(* Replacing [p a] by a third point [q] of the line through [p a] and [p b]
   gives a base whose base subset contains everything outside [in_out a b]. *)
Lemma inexact_compl_in_out a b : a != b -> (exists V, in_out a b V) ->
  inexact L k Bk (fun V => Bk V /\ ~ in_out a b V).
Proof.
move=> ab [V0 [BV0 [V0a nV0b]]]; split=> [V [] //|[_ hex]].
have pab : p a <> p b by move/hp/eqP; apply/negP.
have [l [q [Ll la lb lq [qa qb]]]] := exists_third_point hL hP2 pab.
have Ba : range_of p (p a) by exists a.
have Bb : range_of p (p b) by exists b.
have hB' := is_base_exchange hEx hB Ba Bb pab Ll la lb lq qb.
suff /(hex _ hB') /(_ V0) [_ /(_ BV0)] : Defs.subset (fun V => Bk V /\ ~ in_out a b V)
    (base_subset L k (fun x => (range_of p x /\ x <> p a) \/ x = q)).
  exact: base_subset_exchange_notin hB Ba Ll la lb lq qa k V0 V0a nV0b.
move=> V [BV nV]; apply: (base_subset_exchange Bb pab Ll la lb lq qb BV).
by move=> [Va nVb]; apply: nV.
Qed.

Hypothesis hk0 : 0 < k.
Hypothesis hkT : k.+3 <= #|T|.

Lemma in_out_nonempty a b : a != b -> exists V, in_out a b V.
Proof.
move=> ab; have [|Z [cZ aZ bZ]] := exists_card_in_out ab (ltn0Sn k).
  exact: leq_trans (ltnW (ltnSn _)) hkT.
by exists (span L p Z); apply/(in_out_spanE hEx hp hB).
Qed.

Lemma separating_outside_in_out a b i j : i != j -> (i, j) != (a, b) ->
  exists2 V, (Bk V /\ ~ in_out a b V) & V (p i) /\ ~ V (p j).
Proof.
move=> ij ijab; have [Z [cZ iZ jZ abZ]] := exists_card_separating (r := k.+1) hk0 hkT ij ijab.
exists (span L p Z).
  split; first by apply/(base_subsetP hEx hp hB); exists Z.
  by move/(in_out_spanE hEx hp hB) => [_ aZ bZ]; move: abZ; rewrite aZ bZ.
by split=> [|/(mem_span hp hB)]; [apply/(mem_span hp hB) | apply/negP].
Qed.

Lemma complement_in_out a b : a != b -> complement_subset L k Bk (in_out a b).
Proof.
move=> ab; split=> [V [] //|]; split; first exact: inexact_compl_in_out (in_out_nonempty ab).
move=> S CS SB [U [SU nCU]] [_ []]; apply: exact_of_separating => // i j ij.
have [[-> ->]|ijab] := eqVneq (i, j) (a, b).
  have [_ [Ua nUb]] : in_out a b U by apply: NNPP => nU; apply: nCU; split; [apply: SB|].
  by exists U.
by have [V /CS SV hV] := separating_outside_in_out ij ijab; exists V.
Qed.

Lemma in_out_inj a b a' b' : a != b -> in_out a b = in_out a' b' -> (a, b) = (a', b').
Proof.
move=> ab e; apply/eqP; apply: contraT => abab'.
have [V [BV nV] [Va nVb]] := separating_outside_in_out ab abab'.
by exfalso; apply: nV; rewrite -e.
Qed.

(* The complement of a complement subset [R] is inexact, so it fails to
   separate some pair (a, b); maximality then forces [R = in_out a b]. *)
Lemma complement_subsetP R :
  complement_subset L k Bk R <-> exists a b, a != b /\ R = in_out a b.
Proof.
split=> [[RB [[CB nexC] hmax]]|[a [b [ab ->]]]]; last exact: complement_in_out.
have [a [b [ab nsep]]] : exists a b, a != b /\
    forall V, Bk V -> ~ R V -> ~ (V (p a) /\ ~ V (p b)).
  apply: NNPP => h; apply: nexC; apply: exact_of_separating => // a b ab.
  apply: NNPP => nab; apply: h; exists a, b; split=> // V BV nRV hV.
  by apply: nab; exists V.
exists a, b; split=> //; apply: seteq_eq => V; split=> [RV|[BV hV]]; last first.
  by apply: NNPP => nRV; apply: nsep BV nRV hV.
have BV := RB V RV; split=> //; apply: NNPP => nV.
apply: (hmax (fun W => (Bk W /\ ~ R W) \/ W = V)) => [W|W [[]|->] //||].
- by left.
- by exists V; split; [right | case].
split=> [W [[]|->] //|hex]; apply: (inexact_compl_in_out ab (in_out_nonempty ab)).2.
apply: exactS hex => [W [[BW nRW]|->]|W []] //; split=> // - [_].
  exact: nsep.
by move=> /nV.
Qed.

End ComplementSubsets.

Section Regular.
Variables (P : Type) (L : (P -> Prop) -> Prop) (k m : nat) (Bk : Defs.family P).

Definition extend A (Rs : 'I_m -> A) (R : A) : 'I_m.+1 -> A :=
  fun i => if unlift ord_max i is Some j then Rs j else R.

Lemma extend_lift A (Rs : 'I_m -> A) R j : extend Rs R (lift ord_max j) = Rs j.
Proof. by rewrite /extend liftK. Qed.

Lemma extend_restrict A (F : 'I_m.+1 -> A) :
  extend (fun j => F (lift ord_max j)) (F ord_max) = F.
Proof.
by apply: functional_extensionality => i; rewrite /extend; case: unliftP => [j ->|->].
Qed.

Lemma regular_of_succ Rs R : regular_succ L k Bk (extend Rs R) -> regular L k Bk Rs.
Proof.
move=> hR; have [hc [hinj _]] := hR; split; last split; last by exists R.
  by move=> j; rewrite -(extend_lift Rs R).
by move=> i j e; apply: (lift_inj (h := ord_max)); apply: hinj; rewrite !extend_lift.
Qed.

End Regular.

Section RegularCollections.
Variables (P : Type) (L : (P -> Prop) -> Prop) (T : finType) (p : T -> P).
Hypothesis hEx : exchange_axiom L.
Hypothesis hL : is_linear_space L.
Hypothesis hP2 : axiom_P2 L.
Hypothesis hp : injective p.
Hypothesis hB : is_base L (range_of p).
Variable k : nat.
Hypothesis hk0 : 0 < k.
Hypothesis hkT : k.+3 <= #|T|.
Local Notation Bk := (base_subset L k (range_of p)).
Local Notation in_out := (in_out L p k).
Local Notation span := (span L p).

|---|

**Work to complete:** The required output is every line above from the one with "by exists (span" down to the one with "apply: NNPP => h;", restated word for word, ends included.

**Finished exercise:**
by exists (span L p Z); apply/(in_out_spanE hEx hp hB).
Qed.

Lemma separating_outside_in_out a b i j : i != j -> (i, j) != (a, b) ->
  exists2 V, (Bk V /\ ~ in_out a b V) & V (p i) /\ ~ V (p j).
Proof.
move=> ij ijab; have [Z [cZ iZ jZ abZ]] := exists_card_separating (r := k.+1) hk0 hkT ij ijab.
exists (span L p Z).
  split; first by apply/(base_subsetP hEx hp hB); exists Z.
  by move/(in_out_spanE hEx hp hB) => [_ aZ bZ]; move: abZ; rewrite aZ bZ.
by split=> [|/(mem_span hp hB)]; [apply/(mem_span hp hB) | apply/negP].
Qed.

Lemma complement_in_out a b : a != b -> complement_subset L k Bk (in_out a b).
Proof.
move=> ab; split=> [V [] //|]; split; first exact: inexact_compl_in_out (in_out_nonempty ab).
move=> S CS SB [U [SU nCU]] [_ []]; apply: exact_of_separating => // i j ij.
have [[-> ->]|ijab] := eqVneq (i, j) (a, b).
  have [_ [Ua nUb]] : in_out a b U by apply: NNPP => nU; apply: nCU; split; [apply: SB|].
  by exists U.
by have [V /CS SV hV] := separating_outside_in_out ij ijab; exists V.
Qed.

Lemma in_out_inj a b a' b' : a != b -> in_out a b = in_out a' b' -> (a, b) = (a', b').
Proof.
move=> ab e; apply/eqP; apply: contraT => abab'.
have [V [BV nV] [Va nVb]] := separating_outside_in_out ab abab'.
by exfalso; apply: nV; rewrite -e.
Qed.

(* The complement of a complement subset [R] is inexact, so it fails to
   separate some pair (a, b); maximality then forces [R = in_out a b]. *)
Lemma complement_subsetP R :
  complement_subset L k Bk R <-> exists a b, a != b /\ R = in_out a b.
Proof.
split=> [[RB [[CB nexC] hmax]]|[a [b [ab ->]]]]; last exact: complement_in_out.
have [a [b [ab nsep]]] : exists a b, a != b /\
    forall V, Bk V -> ~ R V -> ~ (V (p a) /\ ~ V (p b)).
  apply: NNPP => h; apply: nexC; apply: exact_of_separating => // a b ab.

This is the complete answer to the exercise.